**WHAT TO DO**. Search through the entries for the word "psiy" and copy every line that has it.

(Stored items from a collection)
★ ★ ★
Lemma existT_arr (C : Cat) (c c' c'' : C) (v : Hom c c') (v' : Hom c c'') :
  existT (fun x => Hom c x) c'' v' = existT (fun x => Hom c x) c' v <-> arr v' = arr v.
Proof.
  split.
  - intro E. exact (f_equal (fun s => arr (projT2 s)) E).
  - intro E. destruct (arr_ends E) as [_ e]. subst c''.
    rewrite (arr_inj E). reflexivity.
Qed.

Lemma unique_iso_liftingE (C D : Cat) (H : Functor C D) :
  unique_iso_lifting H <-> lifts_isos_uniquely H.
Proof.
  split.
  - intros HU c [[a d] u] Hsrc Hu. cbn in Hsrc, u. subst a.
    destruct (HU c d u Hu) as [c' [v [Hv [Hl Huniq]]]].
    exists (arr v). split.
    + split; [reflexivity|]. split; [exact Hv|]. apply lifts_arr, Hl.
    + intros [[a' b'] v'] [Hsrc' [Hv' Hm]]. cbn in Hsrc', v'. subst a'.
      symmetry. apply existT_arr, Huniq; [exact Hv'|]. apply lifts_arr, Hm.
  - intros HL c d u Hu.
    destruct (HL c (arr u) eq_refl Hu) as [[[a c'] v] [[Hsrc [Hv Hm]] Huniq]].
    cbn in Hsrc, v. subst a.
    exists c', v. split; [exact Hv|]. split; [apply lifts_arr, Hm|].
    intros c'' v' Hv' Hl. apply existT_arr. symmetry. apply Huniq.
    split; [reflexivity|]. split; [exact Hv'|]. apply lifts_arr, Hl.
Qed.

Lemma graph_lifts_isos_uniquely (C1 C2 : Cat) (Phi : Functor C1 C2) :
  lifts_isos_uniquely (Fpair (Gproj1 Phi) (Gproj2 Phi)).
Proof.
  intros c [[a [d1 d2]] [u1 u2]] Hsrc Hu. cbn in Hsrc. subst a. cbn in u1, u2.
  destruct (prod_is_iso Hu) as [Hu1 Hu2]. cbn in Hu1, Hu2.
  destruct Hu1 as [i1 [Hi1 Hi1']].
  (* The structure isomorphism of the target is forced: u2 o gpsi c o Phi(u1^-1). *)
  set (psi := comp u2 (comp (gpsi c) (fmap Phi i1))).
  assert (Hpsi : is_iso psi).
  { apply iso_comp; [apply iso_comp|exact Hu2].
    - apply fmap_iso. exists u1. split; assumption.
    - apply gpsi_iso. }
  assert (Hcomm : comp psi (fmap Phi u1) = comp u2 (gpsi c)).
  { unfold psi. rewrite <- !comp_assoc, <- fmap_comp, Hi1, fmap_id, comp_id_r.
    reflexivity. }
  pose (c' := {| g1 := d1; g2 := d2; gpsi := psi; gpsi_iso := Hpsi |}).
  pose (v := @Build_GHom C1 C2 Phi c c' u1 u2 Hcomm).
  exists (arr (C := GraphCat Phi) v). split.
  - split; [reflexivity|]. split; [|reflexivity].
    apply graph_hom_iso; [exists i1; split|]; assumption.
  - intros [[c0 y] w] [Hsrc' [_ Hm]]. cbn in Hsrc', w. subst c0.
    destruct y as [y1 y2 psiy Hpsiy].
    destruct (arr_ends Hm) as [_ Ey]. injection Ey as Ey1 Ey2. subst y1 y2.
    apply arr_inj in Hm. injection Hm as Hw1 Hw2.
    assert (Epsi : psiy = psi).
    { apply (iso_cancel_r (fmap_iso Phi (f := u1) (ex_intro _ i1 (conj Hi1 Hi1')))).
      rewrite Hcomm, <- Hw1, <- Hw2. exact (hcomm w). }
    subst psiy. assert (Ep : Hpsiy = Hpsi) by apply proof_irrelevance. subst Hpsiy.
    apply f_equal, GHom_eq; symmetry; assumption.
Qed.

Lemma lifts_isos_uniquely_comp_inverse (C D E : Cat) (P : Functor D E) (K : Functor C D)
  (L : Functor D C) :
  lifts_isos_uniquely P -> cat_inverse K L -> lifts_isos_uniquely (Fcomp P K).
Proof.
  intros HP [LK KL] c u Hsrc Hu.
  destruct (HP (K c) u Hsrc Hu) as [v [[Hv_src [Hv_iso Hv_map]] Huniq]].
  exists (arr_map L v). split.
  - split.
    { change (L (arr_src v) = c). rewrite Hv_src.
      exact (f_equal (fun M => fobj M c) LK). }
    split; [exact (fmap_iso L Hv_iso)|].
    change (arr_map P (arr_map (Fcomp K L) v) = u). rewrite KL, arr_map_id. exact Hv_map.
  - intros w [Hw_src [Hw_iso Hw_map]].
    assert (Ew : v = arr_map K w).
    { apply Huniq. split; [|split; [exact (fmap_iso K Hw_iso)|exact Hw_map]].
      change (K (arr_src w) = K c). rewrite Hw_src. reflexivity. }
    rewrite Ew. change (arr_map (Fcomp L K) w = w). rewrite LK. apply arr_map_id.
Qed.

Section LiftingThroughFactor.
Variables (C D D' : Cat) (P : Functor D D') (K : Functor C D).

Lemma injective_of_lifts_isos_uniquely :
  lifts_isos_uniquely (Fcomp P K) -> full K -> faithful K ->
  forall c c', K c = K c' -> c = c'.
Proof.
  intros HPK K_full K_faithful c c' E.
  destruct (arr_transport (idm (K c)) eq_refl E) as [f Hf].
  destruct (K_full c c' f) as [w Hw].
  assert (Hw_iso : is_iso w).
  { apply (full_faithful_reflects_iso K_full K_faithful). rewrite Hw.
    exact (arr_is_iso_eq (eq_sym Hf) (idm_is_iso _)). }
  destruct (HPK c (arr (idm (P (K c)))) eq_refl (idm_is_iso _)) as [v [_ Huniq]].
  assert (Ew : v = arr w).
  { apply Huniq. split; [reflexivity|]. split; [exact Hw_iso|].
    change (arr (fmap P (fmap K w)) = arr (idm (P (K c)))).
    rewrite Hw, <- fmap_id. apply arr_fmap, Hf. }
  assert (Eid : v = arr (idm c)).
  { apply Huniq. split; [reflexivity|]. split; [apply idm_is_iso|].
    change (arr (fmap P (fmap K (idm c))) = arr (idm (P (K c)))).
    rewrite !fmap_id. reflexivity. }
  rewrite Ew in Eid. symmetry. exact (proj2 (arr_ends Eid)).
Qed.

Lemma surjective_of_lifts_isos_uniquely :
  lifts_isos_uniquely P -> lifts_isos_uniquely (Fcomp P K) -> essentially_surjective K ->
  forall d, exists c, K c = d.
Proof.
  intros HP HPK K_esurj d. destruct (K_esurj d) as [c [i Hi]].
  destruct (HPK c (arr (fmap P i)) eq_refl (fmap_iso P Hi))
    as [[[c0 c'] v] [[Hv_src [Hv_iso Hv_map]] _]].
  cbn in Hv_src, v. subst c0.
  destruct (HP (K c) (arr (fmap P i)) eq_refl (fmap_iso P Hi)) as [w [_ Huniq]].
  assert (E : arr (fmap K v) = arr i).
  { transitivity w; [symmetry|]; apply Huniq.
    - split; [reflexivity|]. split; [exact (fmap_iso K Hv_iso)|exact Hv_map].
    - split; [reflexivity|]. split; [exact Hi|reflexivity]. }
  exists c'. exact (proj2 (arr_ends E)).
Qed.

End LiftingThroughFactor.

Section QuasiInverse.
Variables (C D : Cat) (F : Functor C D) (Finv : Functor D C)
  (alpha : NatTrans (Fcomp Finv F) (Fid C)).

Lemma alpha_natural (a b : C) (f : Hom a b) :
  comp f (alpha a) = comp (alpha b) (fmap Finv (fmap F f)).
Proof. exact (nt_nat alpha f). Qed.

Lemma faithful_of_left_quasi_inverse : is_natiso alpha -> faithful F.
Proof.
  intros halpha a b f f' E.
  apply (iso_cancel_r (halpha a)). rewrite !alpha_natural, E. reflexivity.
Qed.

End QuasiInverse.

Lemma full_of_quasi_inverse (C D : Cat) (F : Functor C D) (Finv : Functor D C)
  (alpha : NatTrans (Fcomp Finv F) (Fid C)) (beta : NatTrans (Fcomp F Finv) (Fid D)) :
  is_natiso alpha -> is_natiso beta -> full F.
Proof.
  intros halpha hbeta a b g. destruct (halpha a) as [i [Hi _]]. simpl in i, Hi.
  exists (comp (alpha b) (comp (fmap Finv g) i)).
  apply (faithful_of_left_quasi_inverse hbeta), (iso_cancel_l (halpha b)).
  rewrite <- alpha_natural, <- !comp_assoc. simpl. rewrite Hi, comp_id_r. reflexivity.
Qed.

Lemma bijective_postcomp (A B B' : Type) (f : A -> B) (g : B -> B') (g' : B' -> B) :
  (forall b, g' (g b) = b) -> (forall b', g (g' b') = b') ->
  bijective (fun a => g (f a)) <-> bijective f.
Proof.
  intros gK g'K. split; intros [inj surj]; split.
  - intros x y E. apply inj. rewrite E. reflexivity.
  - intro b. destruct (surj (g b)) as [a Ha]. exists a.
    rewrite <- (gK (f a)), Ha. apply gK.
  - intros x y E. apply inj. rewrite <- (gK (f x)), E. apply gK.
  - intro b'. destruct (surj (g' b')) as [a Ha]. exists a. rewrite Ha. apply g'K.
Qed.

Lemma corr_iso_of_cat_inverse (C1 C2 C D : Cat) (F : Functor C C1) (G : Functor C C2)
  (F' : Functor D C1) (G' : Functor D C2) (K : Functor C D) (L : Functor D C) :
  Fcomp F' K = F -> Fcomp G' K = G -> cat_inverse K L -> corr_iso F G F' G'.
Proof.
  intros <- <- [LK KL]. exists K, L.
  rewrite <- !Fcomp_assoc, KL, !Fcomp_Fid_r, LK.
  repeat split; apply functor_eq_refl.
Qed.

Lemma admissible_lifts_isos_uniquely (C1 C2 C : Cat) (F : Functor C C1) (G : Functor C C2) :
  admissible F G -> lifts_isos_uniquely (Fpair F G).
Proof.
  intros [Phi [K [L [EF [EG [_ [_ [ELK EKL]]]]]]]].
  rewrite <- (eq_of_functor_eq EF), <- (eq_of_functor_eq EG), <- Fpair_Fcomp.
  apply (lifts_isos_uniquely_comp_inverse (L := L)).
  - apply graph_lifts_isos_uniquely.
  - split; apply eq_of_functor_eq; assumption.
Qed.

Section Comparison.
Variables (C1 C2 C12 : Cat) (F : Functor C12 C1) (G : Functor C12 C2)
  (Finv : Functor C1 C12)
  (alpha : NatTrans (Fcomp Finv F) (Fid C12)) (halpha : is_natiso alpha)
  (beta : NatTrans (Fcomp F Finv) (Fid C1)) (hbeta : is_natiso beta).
★ ★ ★
**OUTPUT FOR THIS EXERCISE**.
    destruct y as [y1 y2 psiy Hpsiy].
    assert (Epsi : psiy = psi).
    subst psiy. assert (Ep : Hpsiy = Hpsi) by apply proof_irrelevance. subst Hpsiy.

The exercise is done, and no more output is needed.